(* Let $\mathcal G$ be a Petri game with one system player whose underlying net is finite and bounded. If $\mathcal G$ has a winning, deadlock-avoiding strategy, then Player~0 has a winning strategy in the graph game $\mathit{Graph}(\mathcal G)$.
   Context: Petri nets. A Petri net is a tuple $\mathcal N=(\mathcal P,\mathcal T,\mathcal F,\mathit{In})$ where the set of places $\mathcal P$ and the set of transitions $\mathcal T$ are disjoint, the flow relation $\mathcal F$ is a multiset over $(\mathcal P\times\mathcal T)\cup(\mathcal T\times\mathcal P)$, and the initial marking $\mathit{In}$ is a finite multiset over $\mathcal P$. For a node $x$, the precondition ${}^\bullet x$ is the multiset with ${}^\bullet x(y)=\mathcal F(y,x)$ and the postcondition $x^\bullet$ is the multiset with $x^\bullet(y)=\mathcal F(x,y)$; every transition $t$ must satisfy $0<|{}^\bullet t|<\infty$ and $0<|t^\bullet|<\infty$. A marking is a finite multiset over $\mathcal P$. A transition $t$ is enabled in a marking $M$ if ${}^\bullet t\subseteq M$ (multiset inclusion); firing it yields $M'=M-{}^\bullet t+t^\bullet$, written $M\xrightarrow{t}M'$. A marking is reachable if it is obtained from $\mathit{In}$ by firing a finite sequence of transitions; $\mathcal R(\mathcal N)$ denotes the set of reachable markings. $\mathcal N$ is finite if $\mathcal P\cup\mathcal T$ is finite, $k$-bounded ($k\ge1$) if $M(p)\le k$ for all $M\in\mathcal R(\mathcal N)$ and $p\in\mathcal P$, and bounded if it is $k$-bounded for some $k$. For a function $f$ and a multiset $M$, $f[M]$ is the image multiset $f[M](y)=\sum_{x: f(x)=y}M(x)$. Occurrence nets and branching processes. Let $<$ be the transitive closure of $\{(x,y)\mid \mathcal F(x,y)>0\}$ and $\le$ its reflexive-transitive closure; the causal past of a node $x$ is $\lfloor x\rfloor=\{y\mid y\le x\}$, and $\lfloor S\rfloor=\bigcup_{x\in S}\lfloor x\rfloor$. Nodes $x,y$ are in conflict, $x\,\sharp\,y$, if there is a place $p\ne x,y$ and distinct transitions $t_1,t_2\in p^\bullet$ with $t_1\le x$ and $t_2\le y$. Nodes are concurrent if they are neither causally related ($x\le y$ or $y\le x$) nor in conflict. An occurrence net is a net in which pre- and postconditions of transitions are sets, every place has at most one incoming transition, $\mathit{In}=\{p\in\mathcal P\mid {}^\bullet p=\emptyset\}$, $\mathcal F^{-1}$ is well-founded, and no transition is in conflict with itself. A cut is a maximal set of pairwise concurrent places. A homomorphism from $\mathcal N_1$ to $\mathcal N_2$ is a map $\lambda:\mathcal P_1\cup\mathcal T_1\to\mathcal P_2\cup\mathcal T_2$ sending places to places and transitions to transitions with $\lambda[{}^\bullet t]={}^\bullet\lambda(t)$ and $\lambda[t^\bullet]=\lambda(t)^\bullet$ for all $t\in\mathcal T_1$; it is initial if $\lambda[\mathit{In}_1]=\mathit{In}_2$. An initial branching process of $\mathcal N$ is a pair $(\mathcal N^U,\lambda)$ with $\mathcal N^U$ an occurrence net and $\lambda$ an initial homomorphism $\mathcal N^U\to\mathcal N$ such that for all $t_1,t_2\in\mathcal T^U$, ${}^\bullet t_1={}^\bullet t_2$ and $\lambda(t_1)=\lambda(t_2)$ imply $t_1=t_2$. Petri games. A Petri game is $\mathcal G=(\mathcal P_S,\mathcal P_E,\mathcal T,\mathcal F,\mathit{In},\mathcal B)$ where $\mathcal P_S$ (system places) and $\mathcal P_E$ (environment places) are disjoint, $\mathcal N=(\mathcal P_S\cup\mathcal P_E,\mathcal T,\mathcal F,\mathit{In})$ is a finite Petri net (the underlying net) and $\mathcal B$ is a set of markings (bad markings). A transition $t$ is purely environmental if ${}^\bullet t\subseteq\mathcal P_E$, otherwise it is a system transition. $\mathcal G$ has one system player if every $M\in\mathcal R(\mathcal N)$ contains exactly one token on system places; that place is denoted $s_M$, and $s_M^\bullet$ is the set of transitions having $s_M$ in their precondition. A winning, deadlock-avoiding strategy for $\mathcal G$ is an initial branching process $(\mathcal N^\sigma,\lambda)$ of $\mathcal N$ such that, with $\mathcal P^\sigma_S=\lambda^{-1}(\mathcal P_S)\cap\mathcal P^\sigma$: (justified refusal) for every set $S$ of pairwise concurrent places of $\mathcal N^\sigma$ and every transition $\mathbf t$ of $\mathcal N$ with $\lambda[S]={}^\bullet\mathbf t$ such that no $t\in\mathcal T^\sigma$ has $\lambda(t)=\mathbf t$ and ${}^\bullet t=S$, there is $s\in S\cap\mathcal P^\sigma_S$ such that $\mathbf t\notin\lambda[s^\bullet]$; (safety) $\lambda[M]\notin\mathcal B$ for all $M\in\mathcal R(\mathcal N^\sigma)$; (determinism) for every $s\in\mathcal P^\sigma_S$ and every $M\in\mathcal R(\mathcal N^\sigma)$ containing $s$, at most one $t\in s^\bullet$ is enabled in $M$; (deadlock avoidance) for every $M\in\mathcal R(\mathcal N^\sigma)$, if some transition of $\mathcal N$ is enabled in $\lambda[M]$ then some transition of $\mathcal N^\sigma$ is enabled in $M$. Graph games. A graph game $(\mathcal V_0,\mathcal V_1,\mathcal I,\mathcal E,\mathcal X)$ has disjoint vertex sets $\mathcal V_0,\mathcal V_1$ (of Players 0 and 1), initial vertex $\mathcal I$, edge relation $\mathcal E$ and bad vertices $\mathcal X$. A play is a maximal (finite or infinite) sequence $v_0v_1\dots$ with $v_0=\mathcal I$ and $(v_i,v_{i+1})\in\mathcal E$; it is won by Player~0 if no $v_i\in\mathcal X$. A strategy for Player~0 is a vertex-labeled tree whose root is labeled $\mathcal I$, where a node labeled with a $\mathcal V_1$ vertex has one child for each successor vertex and a node labeled with a $\mathcal V_0$ vertex having a successor has exactly one child labeled with one successor; it is winning if all maximal paths are labeled with plays won by Player~0. The game $\mathit{Graph}(\mathcal G)$: $\mathcal V_0=\{(M,\top)\mid M\in\mathcal R(\mathcal N)\}$, $\mathcal V_1=\{(M,c)\mid M\in\mathcal R(\mathcal N),\,c\subseteq s_M^\bullet\}$, $\mathcal I=(\mathit{In},\top)$. Edges: (E1) $(M,\top)\to(M,c)$ for every $c\subseteq s_M^\bullet$; (E2) $(M,c)\to(M',c)$ whenever some purely environmental $\mathbf t$ satisfies $M\xrightarrow{\mathbf t}M'$; (E3) $(M,c)\to(M',\top)$ whenever some system transition $\mathbf t\in c$ satisfies $M\xrightarrow{\mathbf t}M'$. Bad vertices: all $(M,c)\in\mathcal V_1$ such that (X1) $M\in\mathcal B$; or (X2a) two distinct transitions of $c$ are enabled in $M$; or (X2b) some $\mathbf t\in c$ is enabled in $M$ and $0<{}^\bullet\mathbf t(p)<M(p)$ for some place $p$; or (X3) some transition is enabled in $M$, every transition enabled in $M$ is a system transition, and no transition enabled in $M$ lies in $c$. *)

From HB Require Import structures.
From mathcomp Require Import all_boot.
From Stdlib Require Import Relation_Operators.
From Stdlib Require List.
(* If an $R$-module $M$ is prime and uniform, then $M$ is strongly prime.
   Context: $R$ is a commutative Noetherian local ring. A module $M\neq0$ is prime if every $r\in R$ acts on $M$ either as zero or injectively. A module is uniform if it is nonzero and any two nonzero submodules intersect nontrivially. A module $M\ne0$ is strongly prime if every nonzero $R$-endomorphism $f:M\to M$ is injective. *)

From HB Require Import structures.
From mathcomp Require Import all_boot all_order all_algebra.
Set Implicit Arguments. Unset Strict Implicit. Unset Printing Implicit Defensive.
Import GRing.Theory.
Local Open Scope ring_scope.

Definition is_ideal (R : comNzRingType) (I : R -> Prop) : Prop :=
  [/\ I 0, (forall x y, I x -> I y -> I (x + y)) & (forall r x, I x -> I (r * x))].

Definition noetherian_ring (R : comNzRingType) : Prop :=
  forall I : nat -> R -> Prop,
    (forall n, is_ideal (I n)) ->
    (forall n x, I n x -> I n.+1 x) ->
    exists N, forall m, (N <= m)%N -> forall x, I m x <-> I N x.

Definition maximal_ideal (R : comNzRingType) (I : R -> Prop) : Prop :=
  [/\ is_ideal I, ~ I 1 &
      forall J : R -> Prop, is_ideal J -> (forall x, I x -> J x) ->
        (forall x, J x <-> I x) \/ J 1].

Definition local_ring (R : comNzRingType) : Prop :=
  exists I : R -> Prop, maximal_ideal I /\
    forall J : R -> Prop, maximal_ideal J -> forall x, J x <-> I x.

Definition is_submodule (R : comNzRingType) (M : lmodType R) (N : M -> Prop) : Prop :=
  [/\ N 0, (forall x y, N x -> N y -> N (x + y)) & (forall (r : R) x, N x -> N (r *: x))].

Definition nonzero_module (R : comNzRingType) (M : lmodType R) : Prop :=
  exists m : M, m <> 0.

Definition prime_module (R : comNzRingType) (M : lmodType R) : Prop :=
  nonzero_module M /\
  forall r : R, (forall m : M, r *: m = 0) \/ injective (fun m : M => r *: m).

Definition uniform_module (R : comNzRingType) (M : lmodType R) : Prop :=
  nonzero_module M /\
  forall N1 N2 : M -> Prop, is_submodule N1 -> is_submodule N2 ->
    (exists x, N1 x /\ x <> 0) -> (exists x, N2 x /\ x <> 0) ->
    exists x, [/\ N1 x, N2 x & x <> 0].

Definition strongly_prime_module (R : comNzRingType) (M : lmodType R) : Prop :=
  nonzero_module M /\
  forall f : {linear M -> M}, (exists m, f m <> 0) -> injective f.

From mathcomp Require Import all_boot all_order all_algebra.
Import GRing.Theory.
Local Open Scope ring_scope.

(* Let f be an endomorphism of M with a nonzero kernel element z, and let m be
   any element with m <> 0.  Uniformity applied to the cyclic submodules R z
   and R m yields scalars a, b with a z = b m <> 0.  Then
   b (f m) = f (b m) = f (a z) = a (f z) = 0, while b does not annihilate M
   (since b m <> 0); primeness makes b act injectively, so f m = 0.  Hence an
   endomorphism with nontrivial kernel is zero, i.e. every nonzero
   endomorphism is injective. *)

Section PrimeUniform.

Context {R : comNzRingType} {M : lmodType R}.

Definition cyclic_submodule (z : M) : M -> Prop :=
  fun x => exists r : R, x = r *: z.

Lemma cyclic_submoduleP (z : M) : is_submodule (cyclic_submodule z).
Proof.
split.
- by exists 0; rewrite scale0r.
- by move=> x y [a ->] [b ->]; exists (a + b); rewrite scalerDl.
- by move=> r x [a ->]; exists (r * a); rewrite scalerA.
Qed.

Lemma cyclic_submodule_nonzero {z : M} :
  z <> 0 -> exists x, cyclic_submodule z x /\ x <> 0.
Proof. by move=> z0; exists z; split=> //; exists 1; rewrite scale1r. Qed.

Lemma uniform_common_multiple {z m : M} :
  uniform_module M -> z <> 0 -> m <> 0 ->
  exists a b : R, a *: z = b *: m /\ b *: m <> 0.
Proof.
move=> [_ unifM] z0 m0.
have [w [[a wa] [b wb] w0]] := unifM _ _ (cyclic_submoduleP z)
  (cyclic_submoduleP m) (cyclic_submodule_nonzero z0)
  (cyclic_submodule_nonzero m0).
by exists a, b; rewrite -wa -wb.
Qed.

Lemma prime_scalar_cancel {b : R} {m v : M} :
  prime_module M -> b *: m <> 0 -> b *: v = 0 -> v = 0.
Proof.
move=> [_ primeM] bm0 bv0; case: (primeM b) => [bM0 | b_inj].
- by have := bM0 m.
- by apply: b_inj; rewrite /= bv0 scaler0.
Qed.

Lemma kernel_nonzero_endo_zero {f : {linear M -> M}} {z : M} :
  prime_module M -> uniform_module M -> z <> 0 -> f z = 0 ->
  forall m, f m = 0.
Proof.
move=> primeM unifM z0 fz0 m.
have [-> | /eqP m0] := eqVneq m 0; first exact: linear0.
have [a [b [azbm bm0]]] := uniform_common_multiple unifM z0 m0.
apply: (prime_scalar_cancel primeM bm0).
by rewrite -linearZ /= -azbm linearZ /= fz0 scaler0.
Qed.

End PrimeUniform.

Lemma linear_injective_kernel (R : comNzRingType) (M N : lmodType R)
    (f : {linear M -> N}) :
  (forall z, f z = 0 -> z = 0) -> injective f.
Proof.
move=> ker0 x y fxy; apply/eqP; rewrite -subr_eq0; apply/eqP.
by apply: ker0; rewrite linearB fxy subrr.
Qed.

Theorem lemma2p1 (R : comNzRingType) (M : lmodType R) :
  noetherian_ring R -> local_ring R ->
  prime_module M -> uniform_module M -> strongly_prime_module M.
Proof.
move=> _ _ primeM unifM; split; first by case: primeM.
move=> f [m fm0]; apply: linear_injective_kernel => z fz0.
have [-> // | /eqP z0] := eqVneq z 0.
by case: fm0; apply: (kernel_nonzero_endo_zero primeM unifM z0 fz0).
Qed.
Lemma eval_PExpr_of (uu vv : nat -> R) (n : nat) (e : qexp) : (qord e < n)%nat ->
  eval uu vv (dexp_of e) = PEeval_R (jet_env uu vv n) (PExpr_of e).
Proof.
  unfold PEeval_R; induction e as [q|i|j|a IHa b IHb|a IHa b IHb];
    cbn [eval dexp_of PExpr_of PEeval qord]; intro Hord;
    rewrite ?BinList_nth_of_succ_nat, ?IHa, ?IHb by lia; try reflexivity.
  - symmetry; apply (nth_jet_env uu vv n i Hord).
  - symmetry; apply (nth_jet_env uu vv n j Hord).
Qed.

(* Coefficient arithmetic is reduced at every step to keep the denominators
   of the normal forms small. *)
Definition Qred_add (a b : Q) : Q := Qred (a + b).
Definition Qred_mul (a b : Q) : Q := Qred (a * b).
Definition Qred_sub (a b : Q) : Q := Qred (a - b).
Definition Qred_opp (a : Q) : Q := Qred (- a).

Lemma Q2R_Qred (q : Q) : Q2R (Qred q) = Q2R q.
Proof. apply Qeq_eqR, Qred_correct. Qed.

Lemma Q2R_lit_ring_morph :
  ring_morph 0 1 Rplus Rmult Rminus Ropp eq
    0%Q 1%Q Qred_add Qred_mul Qred_sub Qred_opp Qeq_bool Q2R_lit.
Proof.
  constructor; intros;
    unfold Qred_add, Qred_mul, Qred_sub, Qred_opp; rewrite !Q2R_litE, ?Q2R_Qred.
  - unfold Q2R; simpl; field.
  - unfold Q2R; simpl; field.
  - apply Q2R_plus.
  - apply Q2R_minus.
  - apply Q2R_mult.
  - apply Q2R_opp.
  - apply Qeq_eqR, Qeq_bool_eq; assumption.
Qed.

Definition Q_no_div (a b : Q) : Q * Q := (0%Q, a).

Lemma Q_no_div_theory : div_theory eq Qred_add Qred_mul Q2R_lit Q_no_div.
Proof.
  constructor; intros a b; unfold Q_no_div, Qred_add, Qred_mul; cbn [fst snd].
  rewrite !Q2R_litE, Q2R_Qred, Q2R_plus, Q2R_Qred, Q2R_mult.
  replace (Q2R 0) with 0 by (unfold Q2R; simpl; field); ring.
Qed.

Definition normal_form (e : qexp) : Pol Q :=
  norm_subst 0%Q 1%Q Qred_add Qred_mul Qred_sub Qred_opp Qeq_bool Q_no_div 0 nil
    (PExpr_of e).

Definition qexp_eqb (a b : qexp) : bool :=
  Peq Qeq_bool (normal_form a) (normal_form b).

Lemma qexp_eqb_sound (a b : qexp) :
  qexp_eqb a b = true -> deq (dexp_of a) (dexp_of b).
Proof.
  intros Hab uu vv; set (n := S (Nat.max (qord a) (qord b))).
  rewrite !(eval_PExpr_of uu vv n) by lia.
  exact (ring_correct (Eqsth R) (Eq_ext Rplus Rmult Ropp)
           (Rth_ARth (Eqsth R) (Eq_ext Rplus Rmult Ropp) RTheory) Q2R_lit_ring_morph
           (pow_N_th 1 Rmult (Eqsth R)) Q_no_div_theory 0
           (jet_env uu vv n) nil (PExpr_of a) (PExpr_of b) I Hab).
Qed.

Ltac reify_Q r :=
  lazymatch r with
  | IZR ?z / IZR (Zpos ?d) => constr:(Qmake z d)
  | IZR ?z => constr:(Qmake z 1)
  end.

(* Other heads (definitions, projections, [Sub], [u], ...) are unfolded one
   step; [Dx] and [Dxn] are mirrored unexpanded, their expansion being left to
   the conversion check of [change]. *)
Ltac reify e :=
  lazymatch e with
  | dexp_of ?t => t
  | C ?r => let q := reify_Q r in constr:(qC q)
  | U ?i => constr:(qU i)
  | V ?j => constr:(qV j)
  | Add ?a ?b => let x := reify a in let y := reify b in constr:(qAdd x y)
  | Mul ?a ?b => let x := reify a in let y := reify b in constr:(qMul x y)
  | Dx ?a => let x := reify a in constr:(qDx x)
  | Dxn ?n ?a => let x := reify a in constr:(qDxn n x)
  | _ => let e' := eval red in e in reify e'
  end.

Ltac reify_constant c := let t := reify c in change c with (dexp_of t).

Ltac decide_deq :=
  lazymatch goal with
  | |- deq ?a ?b =>
      let x := reify a in let y := reify b in
      change (deq (dexp_of x) (dexp_of y));
      apply qexp_eqb_sound; vm_compute; reflexivity
  end.

Lemma is_gen_symmetry_Q11 : is_gen_symmetry Q11.
Proof.
  unfold is_gen_symmetry, vdeq, frechet, Q11, MNW_F; cbn [fst snd].
  reify_constant Q11_1; reify_constant Q11_2;
  reify_constant MNW_F1; reify_constant MNW_F2.
  rewrite !frechet1_dexp_of; split; decide_deq.
Qed.

Definition B_Q1 : dexp :=
  (C (1/2) * u 1 * u 1 - C (4/5) * u 0 * u 0 * u 0 + C (6/5) * u 0 * v 0 * v 0
   - C (2/5) * v 0 * v 0 * v 0 - C (3/2) * v 1 * v 1)%D.

Lemma is_Dxinv_u0 : is_Dxinv (u 0) (gam11 * fst Q_1 + gam12 * snd Q_1)%D.
Proof. split; [intros uu vv; simpl; ring | reflexivity]. Qed.

Lemma is_Dxinv_B_Q1 : is_Dxinv B_Q1 (gam21 * fst Q_1 + gam22 * snd Q_1)%D.
Proof.
  split; [intros uu vv | ]; unfold B_Q1, gam21, gam22, Q_1, Sub, Opp, u, v; simpl; field.
Qed.

Lemma R_app_Q1 : R_app Q_1 (vopp Q11).
Proof.
  exists (u 0), B_Q1; split; [exact is_Dxinv_u0 | split; [exact is_Dxinv_B_Q1 |]].
  split; decide_deq.
Qed.

Theorem mainTheorem6 :
  is_gen_symmetry Q11 /\ R_app Q_1 (vopp Q11).
Proof. exact (conj is_gen_symmetry_Q11 R_app_Q1). Qed.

────────────────────────────────────────

- _Work required_
Your task is to restate, word for word, only those lines above that fall between the line holding "by apply: ker0; rewrite linearB fxy subrr." and the line holding "Definition Qred_mul (a", inclusive.

- _Completed exercise_
by apply: ker0; rewrite linearB fxy subrr.
Qed.

Theorem lemma2p1 (R : comNzRingType) (M : lmodType R) :
  noetherian_ring R -> local_ring R ->
  prime_module M -> uniform_module M -> strongly_prime_module M.
Proof.
move=> _ _ primeM unifM; split; first by case: primeM.
move=> f [m fm0]; apply: linear_injective_kernel => z fz0.
have [-> // | /eqP z0] := eqVneq z 0.
by case: fm0; apply: (kernel_nonzero_endo_zero primeM unifM z0 fz0).
Qed.
Lemma eval_PExpr_of (uu vv : nat -> R) (n : nat) (e : qexp) : (qord e < n)%nat ->
  eval uu vv (dexp_of e) = PEeval_R (jet_env uu vv n) (PExpr_of e).
Proof.
  unfold PEeval_R; induction e as [q|i|j|a IHa b IHb|a IHa b IHb];
    cbn [eval dexp_of PExpr_of PEeval qord]; intro Hord;
    rewrite ?BinList_nth_of_succ_nat, ?IHa, ?IHb by lia; try reflexivity.
  - symmetry; apply (nth_jet_env uu vv n i Hord).
  - symmetry; apply (nth_jet_env uu vv n j Hord).
Qed.

(* Coefficient arithmetic is reduced at every step to keep the denominators
   of the normal forms small. *)
Definition Qred_add (a b : Q) : Q := Qred (a + b).
Definition Qred_mul (a b : Q) : Q := Qred (a * b).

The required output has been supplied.